I race J-22's. Because there is no connection between the gooseneck and the tack on a J-22, you may need to apply a little (and I mean very little) cunningham just to keep the sail from creeping up the mast. Unlike big boat, J-22's are often vang sheeted in heavy winds, meaning that you need to take out twist with the vang and play the sheet to vary angle of attack. Applying backstay and outhaul help as well. The jib lead may need to move one hole aft (roughly 1-1.5 inch) which opens the head of the sail. Care should be taken to make sure the jib is not over trimmed. Look for a full time flying jib batten teletale and the skirt of the jib just inside the toerail.
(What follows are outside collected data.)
(* Let $0<\alpha<1$, $\sigma>0$, $N_1$ a positive integer, $h=\sigma^2\alpha^2$, $T=\sigma\alpha\sqrt{N_1}$, $\kappa=\frac\alpha{1-\alpha}$, and let $n\ge1$ be an integer. For $x\in(0,1]$ and complex $u\notin(-\infty,0]$ let $$f(u,x)=\frac{\sin(\alpha\pi)}{\alpha\pi}\frac{1}{2\sqrt u}\frac{xe^{\sqrt u-T}}{e^{\frac1\alpha(\sqrt u-T)}+x}$$ (principal branch of $\sqrt u$). Let $u^*=\frac{1+(1-2\alpha)\sqrt{4\alpha-4\alpha^2+1}}{2(1-\alpha)^2}$, $\gamma=\alpha\log\!\Big(\frac{\frac1\kappa\sqrt{u^*}+1}{\sqrt{u^*}-1}\Big)+\sqrt{u^*}$, $x^*=e^{\frac1\alpha(\gamma-T)}$, $M_0=2\max\left\{\frac{\sigma^2}{4},1+\mathrm{ceil}\!\left(\frac{9\pi^2}{\sigma^2}\right),2\,\mathrm{ceil}\!\left[\left(1+\sqrt{\pi/\sigma}\right)^4\right]\right\}$, and $\Upsilon=\{x\in[x^*,1]:(T+\alpha\log x)^2-\alpha^2\pi^2>M_0h\}$. For $x\in\Upsilon$ put $a=2\alpha\pi(T+\alpha\log x)$. Then, for each choice of sign, $$\left|\int_{h\pm2ia}^{+\infty\pm2ia}f(u,x)e^{\pm i\frac{2n\pi}{h}u}\,\mathrm{d}u\right|=e^{-\frac{4n\pi a}{h}}\left|\int_h^{+\infty}f(t\pm2ia,x)e^{\pm i\frac{2n\pi}{h}t}\,\mathrm{d}t\right|=e^{-\frac{4n\pi a}{h}}x^\alpha\,\mathcal{O}(1)$$ uniformly for $x\in\Upsilon$, where the constant in $\mathcal{O}(1)$ is independent of $x$, $h$, $\alpha$, $\sigma$ and $T$.
   Context: $\mathrm{ceil}(y)$ is the least integer $\ge y$. The integral $\int_{h\pm2ia}^{+\infty\pm2ia}$ is along the horizontal half-line $\{t\pm2ia:t\ge h\}$. *)

From Stdlib Require Import Reals.
From Coquelicot Require Import Coquelicot.
Open Scope R_scope.

Definition Cexp (z : C) : C :=
  (exp (fst z) * cos (snd z), exp (fst z) * sin (snd z)).

(* principal square root (branch cut on (-oo,0]):
   sqrt z = sqrt((|z|+Re z)/2) + i sgn(Im z) sqrt((|z|-Re z)/2) *)
Definition Csqrt (z : C) : C :=
  (sqrt ((Cmod z + fst z) / 2),
   (if Rlt_dec (snd z) 0 then -1 else 1) * sqrt ((Cmod z - fst z) / 2)).

(* ceil(y) = least integer >= y ; Int_part is the floor *)
Definition Rceil (y : R) : R := - IZR (Int_part (- y)).

Definition fA (alpha T : R) (u : C) (x : R) : C :=
  let su := Csqrt u in
  Cmult (RtoC (sin (alpha * PI) / (alpha * PI)))
   (Cdiv (Cmult (RtoC x) (Cexp (Cminus su (RtoC T))))
         (Cmult (RtoC 2)
            (Cmult su (Cplus (Cexp (Cmult (RtoC (/ alpha)) (Cminus su (RtoC T)))) (RtoC x))))).

Definition ustar (alpha : R) : R :=
  (1 + (1 - 2 * alpha) * sqrt (4 * alpha - 4 * alpha ^ 2 + 1)) / (2 * (1 - alpha) ^ 2).

Definition gammaA (alpha : R) : R :=
  let kappa := alpha / (1 - alpha) in
  alpha * ln ((/ kappa * sqrt (ustar alpha) + 1) / (sqrt (ustar alpha) - 1))
  + sqrt (ustar alpha).

Definition xstar (alpha T : R) : R := exp (/ alpha * (gammaA alpha - T)).

Definition M0 (sigma : R) : R :=
  2 * Rmax (sigma ^ 2 / 4)
        (Rmax (1 + Rceil (9 * PI ^ 2 / sigma ^ 2))
              (2 * Rceil ((1 + sqrt (PI / sigma)) ^ 4))).

Definition is_int_half (g : R -> C) (a : R) (l : C) : Prop :=
  is_RInt_gen g (at_point a) (Rbar_locally p_infty) l.

From Stdlib Require Import Reals Lra FunctionalExtensionality.
From Coquelicot Require Import Coquelicot.
Open Scope R_scope.

(* On the line u = t + i k, |k| = 2a, write sqrt u = p + i q, so that p |q| = a = 2 alpha pi P
   with P = T + alpha log x, and p increases with t.  The denominator of f is
   e^((p - T)/alpha) e^(i q/alpha) + x with e^((p - T)/alpha) = x e^((p - P)/alpha): if p is far
   from P one of the two terms dominates, and if p is close to P then |q|/alpha = 2 pi P/p is
   within pi/2 of 2 pi, so the two terms do not cancel.  Hence
   |f(t + i k)| <= C x^alpha min(e^(p - P), e^(-(1 - alpha)(p - P)/alpha)) dp/dt, a majorant
   whose integral in the variable p is O(1).  Along the shifted line the oscillating factor
   e^(i c u) equals e^(-2 a c) e^(i c t), which accounts for the factor e^(-4 n pi a/h). *)

Lemma filter_prod_at_point_p_infty (a M : R) (Q : R * R -> Prop) :
  (forall v, M < v -> Q (a, v)) -> filter_prod (at_point a) (Rbar_locally p_infty) Q.
Proof.
intros HQ. apply Filter_prod with (fun u => u = a) (fun v => M < v); [reflexivity | now exists M |].
intros u v -> Hv. now apply HQ.
Qed.

Lemma is_RInt_gen_p_infty_lim {V : NormedModule R_AbsRing} (f F : R -> V) (a : R) (l : V) :
  (forall b, a <= b -> is_RInt f a b (F b)) ->
  filterlim F (Rbar_locally p_infty) (locally l) ->
  is_RInt_gen f (at_point a) (Rbar_locally p_infty) l.
Proof.
intros HF Hl Q HQ. destruct (Hl Q HQ) as [M HM].
apply (filter_prod_at_point_p_infty a (Rmax M a)). intros v Hv. exists (F v). split.
- apply HF. generalize (Rmax_r M a). lra.
- apply HM. generalize (Rmax_l M a). lra.
Qed.

Lemma filterlim_RInt_p_infty {V : CompleteNormedModule R_AbsRing}
    (f : R -> V) (G : R -> R) (a L : R) :
  (forall u v, a <= u <= v -> ex_RInt f u v) ->
  (forall u v, a <= u <= v -> norm (RInt f u v) <= G v - G u) ->
  filterlim G (Rbar_locally p_infty) (locally L) ->
  exists I, filterlim (fun b => RInt f a b) (Rbar_locally p_infty) (locally I).
Proof.
intros Hf Hle HG.
assert (Hdiff : forall u v, a < u < v -> minus (RInt f a v) (RInt f a u) = RInt f u v).
{ intros u v Huv. symmetry. apply is_RInt_unique, (is_RInt_Chasles_2 f a u v); [lra | |];
    apply RInt_correct, Hf; lra. }
apply (filterlim_locally_cauchy (F := Rbar_locally p_infty)). intros eps.
destruct (proj1 (filterlim_locally G L) HG (pos_div_2 eps)) as [M HM].
assert (HMa := Rmax_l M a). assert (Haa := Rmax_r M a).
exists (fun b => Rmax M a < b). split; [now exists (Rmax M a)|].
assert (Hsmall : forall u v, Rmax M a < u < v -> norm (RInt f u v) < eps).
{ intros u v Huv. apply (Rle_lt_trans _ _ _ (Hle u v ltac:(lra))).
  assert (Hu := HM u ltac:(lra)). assert (Hv := HM v ltac:(lra)).
  change (Rabs (G u - L) < eps / 2) in Hu. change (Rabs (G v - L) < eps / 2) in Hv.
  apply Rabs_def2 in Hu. apply Rabs_def2 in Hv. lra. }
intros u v Hu Hv. apply (norm_compat1 (V := V)).
destruct (Rtotal_order u v) as [Huv | [<- | Hvu]].
- rewrite Hdiff by lra. apply Hsmall. lra.
- rewrite minus_eq_zero. eapply Rle_lt_trans; [apply Req_le, norm_zero | apply cond_pos].
- rewrite <- opp_minus, norm_opp, Hdiff by lra. apply Hsmall. lra.
Qed.

Lemma is_RInt_gen_p_infty_le {V : CompleteNormedModule R_AbsRing}
    (f : R -> V) (g G : R -> R) (a L : R) :
  (forall u v, a <= u <= v -> ex_RInt f u v) ->
  (forall t, a <= t -> norm (f t) <= g t) ->
  (forall u v, a <= u <= v -> is_RInt g u v (G v - G u)) ->
  filterlim G (Rbar_locally p_infty) (locally L) ->
  exists I, is_RInt_gen f (at_point a) (Rbar_locally p_infty) I /\ norm I <= L - G a.
Proof.
intros Hf Hfg Hg HG.
assert (Hle : forall u v, a <= u <= v -> norm (RInt f u v) <= G v - G u).
{ intros u v Huv. apply (norm_RInt_le f g u v); [lra | | now apply RInt_correct, Hf | now apply Hg].
  intros t Ht. apply Hfg. lra. }
destruct (filterlim_RInt_p_infty f G a L Hf Hle HG) as [I HI].
assert (HIgen : is_RInt_gen f (at_point a) (Rbar_locally p_infty) I).
{ apply (is_RInt_gen_p_infty_lim f (fun b => RInt f a b)); [|exact HI].
  intros b Hb. apply RInt_correct, Hf. lra. }
exists I. split; [exact HIgen|].
apply (RInt_gen_norm (Fa := at_point a) (Fb := Rbar_locally p_infty) f g I (L - G a)).
- apply (filter_prod_at_point_p_infty a a). intros v Hv. simpl. lra.
- apply (filter_prod_at_point_p_infty a a). intros v Hv t Ht. apply Hfg, Ht.
- exact HIgen.
- apply (is_RInt_gen_p_infty_lim g (fun b => G b - G a)).
  + intros b Hb. apply Hg. lra.
  + apply (filterlim_comp _ _ _ G (fun y => y - G a) _ (locally L)); [exact HG|].
    apply (continuous_minus (fun y : R => y) (fun _ => G a));
      [apply continuous_id | apply continuous_const].
Qed.

Lemma continuous_C_pair (f : R -> C) (t : R) :
  continuous (fun t => fst (f t)) t -> continuous (fun t => snd (f t)) t -> continuous f t.
Proof.
intros H1 H2 Q [eps HQ].
assert (Hpair := filterlim_pair _ _ H1 H2).
change (locally t (fun y => Q (f y))).
apply (filter_imp (fun y => Q (fst (f y), snd (f y)))); [intros y; now destruct (f y)|].
apply Hpair, (Filter_prod _ _ _ (ball (fst (f t)) eps) (ball (snd (f t)) eps));
  try apply locally_ball.
intros u v Hu Hv. apply HQ. now destruct (f t).
Qed.

Lemma continuous_fst_comp (f : R -> C) (t : R) :
  continuous f t -> continuous (fun t => fst (f t)) t.
Proof.
intros Hf. apply (continuous_comp f fst); [exact Hf|]. destruct (f t). apply continuous_fst.
Qed.

Lemma continuous_snd_comp (f : R -> C) (t : R) :
  continuous f t -> continuous (fun t => snd (f t)) t.
Proof.
intros Hf. apply (continuous_comp f snd); [exact Hf|]. destruct (f t). apply continuous_snd.
Qed.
If there is no chop, extra jib halyard tension may also be needed to blade the jib a little. And as others have said, in the really heavy stuff, the fastest way up wind may be luffing the mainsail big time. The key is to keep just enough leech in the game to prevent lee helm so keep an eye on where the tiller ends up.

One other J-22 oddity. In gusty conditions the jib trimmer does a small ease before the mainsail trimmer which helps the helms take a bite and feather up.

Since there are no instruments on a J-22 (class rules) your best bet is to trim watching your point and speed against the nearest boat.

Despite their minor iteosyncracies, these are really super boats to race or simply daysail.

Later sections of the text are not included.